Traditional gender roles dictate that men be strong and resilient; they’re taught to reject their weaknesses and hide their vulnerability. Pretty much everything about a doctor’s office is in opposition to masculine norms, and because of this, men’s anxieties about seeking care may be intensified. (An idea backed by research conducted at Rutgers University in 2016.)

Mental health concerns are compounded by COVID.

According to research conducted by the Movember organization, the COVID-19 pandemic has profoundly affected men’s mental health.

The survey found that 88% of U.S. men questioned thought it was helpful when people checked in on their mental health. Unfortunately, nearly half of the respondents said no one has asked how they’re coping during COVID-19.

Furthermore, 21% of male respondents said their mental health had worsened compared with before COVID-19. Twenty-seven percent admitted they felt lonely more often than before the outbreak.

While sobering, Movember’s survey is an excellent reminder to ask the men in your life how they’re doing, even if they seem fine on the outside. With so many men isolated and disconnected from their usual support networks, checking in is more critical than ever.

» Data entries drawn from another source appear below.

Lemma coef_fold j : (drop_poly (2 * b + 1) (H * tail))`_j = high_pair (b + j).
Proof.
rewrite coef_drop_poly (_ : j + (2 * b + 1) = (b + (b + j)).+1)%N; last by lia.
rewrite coef_mul_tail_high !coef_high (@high_eq0 (b + (b + j))); last by lia.
by rewrite (@high_eq0 (b + (b + j)).+1) ?addr0 //; lia.
Qed.

Lemma coef_rem k : (k < 2 * b + 1)%N ->
  rem`_k = s`_k + (H * tail)`_k + (drop_poly (2 * b + 1) (H * tail) * tail)`_k.
Proof.
move=> lt_k; rewrite pentanomialE modp_XnD_fold2; last 2 first.
- by apply: leq_trans (size_pentanomial_tail _ _) _; lia.
- apply: leq_trans (leq_add (size_Poly s) (leq_mul (leqnn 2) (size_pentanomial_tail _ _))) _.
  by rewrite hs; lia.
by rewrite !coefD coefN (oppr_pchar2 pchar_F2) !coef_take_poly lt_k coef_Poly.
Qed.

Lemma coef_rem0 : rem`_0 = s`_0 + high 0 + high_pair b.
Proof.
rewrite coef_rem; last by lia.
by rewrite !coef_mul_tail0 ?coef_high ?coef_fold ?addn0 //; lia.
Qed.

Lemma coef_rem_low j : (j.+1 < b)%N ->
  rem`_j.+1 = s`_j.+1 + high_pair j + high_pair (b + j) + high_pair (b + j).+1.
Proof.
move=> lt_j; rewrite coef_rem; last by lia.
by rewrite !coef_mul_tail_low // !coef_high !coef_fold addnS !addrA.
Qed.

Lemma coef_rem_mid :
  rem`_b = s`_b + high 0 + high_pair b.-1 + high_pair b + high_pair (2 * b).-1.
Proof.
rewrite coef_rem; last by lia.
rewrite !coef_mul_tail_mid; try lia.
rewrite !coef_high !coef_fold addn0 (@high_pair_eq0 (b + b)); last by lia.
have -> : (b + b.-1 = (2 * b).-1)%N by lia.
have -> : high b = high b.-1.+1 by rewrite prednK //; lia.
by rewrite /high_pair; ring.
Qed.

Lemma coef_rem_high j : (j.+1 < b)%N ->
  rem`_(b + j).+1 = s`_(b + j).+1 + high_pair j + high_pair (b + j).+1.
Proof.
move=> lt_j; rewrite coef_rem; last by lia.
rewrite !coef_mul_tail_high !coef_high !coef_fold.
rewrite (@high_pair_eq0 (b + (b + j))) ?(@high_pair_eq0 (b + (b + j).+1)); try lia.
(* [u_(b+j)] comes out of both folds and cancels. *)
rewrite -[RHS]addr0 -[X in _ = _ + X](addrr_pchar2 pchar_F2 (high_pair (b + j))).
by rewrite /high_pair !addnS; ring.
Qed.

Lemma coef_rem_top : rem`_(2 * b) = s`_(2 * b) + high_pair b.-1.
Proof.
have -> : (2 * b = (b + b.-1).+1)%N by lia.
rewrite coef_rem; last by lia.
rewrite !coef_mul_tail_high !coef_high !coef_fold (@high_eq0 (b + b.-1).+1); last by lia.
rewrite (@high_pair_eq0 (b + b.-1.+1)) ?(@high_pair_eq0 (b + (b + b.-1))); try lia.
rewrite (@high_pair_eq0 (b + (b + b.-1).+1)); last by lia.
rewrite -[RHS]addr0 -[X in _ = _ + X](addrr_pchar2 pchar_F2 (high (b + b.-1))).
by rewrite /high_pair (@high_eq0 (b + b.-1).+1); [ring | lia].
Qed.

Local Notation bit i := (nth 0 (circuit_eval 0 +%R s b) i).

Lemma bit_input i : (i < 4 * b + 1)%N -> bit i = s`_i.
Proof. exact: wire_input. Qed.

Lemma bit_u j : (j < 2 * b)%N -> bit (u_wire b j) = high_pair j.
Proof.
move=> lt_j; rewrite /u_wire; case: ifP => [lt_j' | ge_j'].
  by rewrite wire_u // !bit_input //; lia.
rewrite bit_input; last by lia.
rewrite /high_pair (@high_eq0 j.+1) ?addr0 /high; last by lia.
by congr (_`_ _); lia.
Qed.

Lemma out_wire_correct k : (k < 2 * b + 1)%N -> bit (out_wire b k) = rem`_k.
Proof.
move=> lt_k; rewrite /out_wire; case: eqP => [-> | /eqP k_neq0].
  rewrite coef_rem0 wire_out0 // wire_hu // bit_u ?bit_input; try lia.
  by rewrite /high addn0 addrA.
case: ltnP => [lt_kb | le_bk].
  have [j -> lt_j] : exists2 j, k = j.+1 & (j < b.-1)%N by exists k.-1; lia.
  rewrite coef_rem_low; last by lia.
  rewrite (_ : 9 * b + j.+1 = 9 * b + 1 + j)%N; last by lia.
  rewrite wire_out_low // wire_uu // wire_du // !bit_u ?bit_input; try lia.
  by ring.
case: eqP => [-> | /eqP k_neq_b].
  rewrite coef_rem_mid wire_out_mid // wire_hu // wire_du_mid // wire_du_last //.
  rewrite !bit_u ?bit_input; try lia.
  by rewrite /high addn0; ring.
case: ltnP => [lt_k2b | le_2bk].
  have [j -> lt_j] : exists2 j, k = (b + j).+1 & (j < b.-1)%N by exists (k - b).-1; lia.
  rewrite coef_rem_high; last by lia.
  rewrite (_ : 7 * b + 1 + (b + j).+1 = 8 * b + 2 + j)%N; last by lia.
  rewrite wire_out_high // wire_uu // !bit_u ?bit_input; try lia.
  by rewrite addrA.
have -> : k = (2 * b)%N by lia.
by rewrite coef_rem_top wire_du_top // bit_u ?bit_input //; lia.
Qed.

End Reduction.

Local Open Scope ring_scope.
Lemma adjoint_hermitian_part (K : Type) (c : R[i]) (Y Ys : K -> K -> H -> H) :
  (forall u v, adjoint_of ip (Ys u v) (Y v u)) ->
  forall u v, adjoint_of ip (fun h => c *: Y u v h + c^* *: Ys u v h)
                            (fun h => c *: Y v u h + c^* *: Ys v u h).
Proof.
move=> hYs u v x y; rewrite ipDl ipDr !ipZl !ipZr conjCK.
by rewrite -hYs (adjoint_swap (hYs v u)) addrC.
Qed.

Lemma ipRe_ge x y : - (ip x x + ip y y) <= ip x y + (ip x y)^*.
Proof.
rewrite -subr_ge0 opprK.
have -> : ip x y + (ip x y)^* + (ip x x + ip y y) = ip (x + y) (x + y).
  by rewrite ipDl !ipDr [ip y x]ipC; ring.
exact: ip_ge0.
Qed.

End InnerProduct.

Section LinearOperator.
Variables (R : realType) (H : lmodType R[i]) (T : H -> H).
Hypothesis linT : linear T.
HB.instance Definition _ := GRing.isLinear.Build R[i] H H *:%R T linT.

Lemma lin0 : T 0 = 0.
Proof. exact: linear0. Qed.

Lemma linB x y : T (x - y) = T x - T y.
Proof. exact: linearB. Qed.

Lemma linZ a x : T (a *: x) = a *: T x.
Proof. exact: linearZ. Qed.

Lemma lin_sum (I : Type) (r : seq I) (P : pred I) (F : I -> H) :
  T (\sum_(i <- r | P i) F i) = \sum_(i <- r | P i) T (F i).
Proof. exact: linear_sum. Qed.

End LinearOperator.

Section ComplexNumbers.
Variable R : rcfType.

Let two_neq0 : 2 != 0 :> R[i]. Proof. by rewrite pnatr_eq0. Qed.

Lemma polarC (x y : R[i]) : 2 * x = (x + y) + 'i * ('i * (y - x)).
Proof. by rewrite mulrA -expr2 sqrCi; ring. Qed.

Lemma polarC_eq0 (x y : R[i]) : x + y = 0 -> 'i * (y - x) = 0 -> x = 0.
Proof.
move=> s0 t0; apply: (mulfI two_neq0).
by rewrite (polarC x y) s0 t0 !mulr0 addr0.
Qed.

Lemma polarC_conj (x y : R[i]) :
  x + y \is Num.real -> 'i * (y - x) \is Num.real -> y = x^*.
Proof.
rewrite !CrealE => /eqP s_real /eqP t_real; apply: (mulfI two_neq0).
have -> : 2 * x^* = (2 * x)^* by rewrite rmorphM /= conjC_nat.
rewrite (polarC y x) (polarC x y) rmorphD rmorphM /= conjCi s_real t_real.
ring.
Qed.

How can ZOOM+Care help close the men’s health gap? 

Convenience is key. 

Sixty-one percent of men say they would be more likely to go to the doctor if it was convenient.  

By offering same-day, no-wait visits (both inside and outside of work hours), we make it easy for people of all genders to get care. Only have 30 minutes on your lunch break? No problem. We can get you in and out with time to spare—and meds in hand. 

Using tech to avoid embarrassment.

Beyond being busy, men often forgo treatment because that they’re embarrassed—or simply reluctant—to talk about their health issues.

Our VideoCare™ and ChatCare™ features let patients connect with a provider without setting foot in a doctor’s office—meaning they’re answering questions privately, rather than confessing uncomfortable secrets in person, in an unfamiliar setting. 

VideoCare™ is the perfect choice for first-time patients, and those seeking treatment for chronic ailments, preventative care, and mental health concerns.

ChatCare™  is great for minor illnesses such as allergic rhinitis, sinus infections, colds, and coughs. 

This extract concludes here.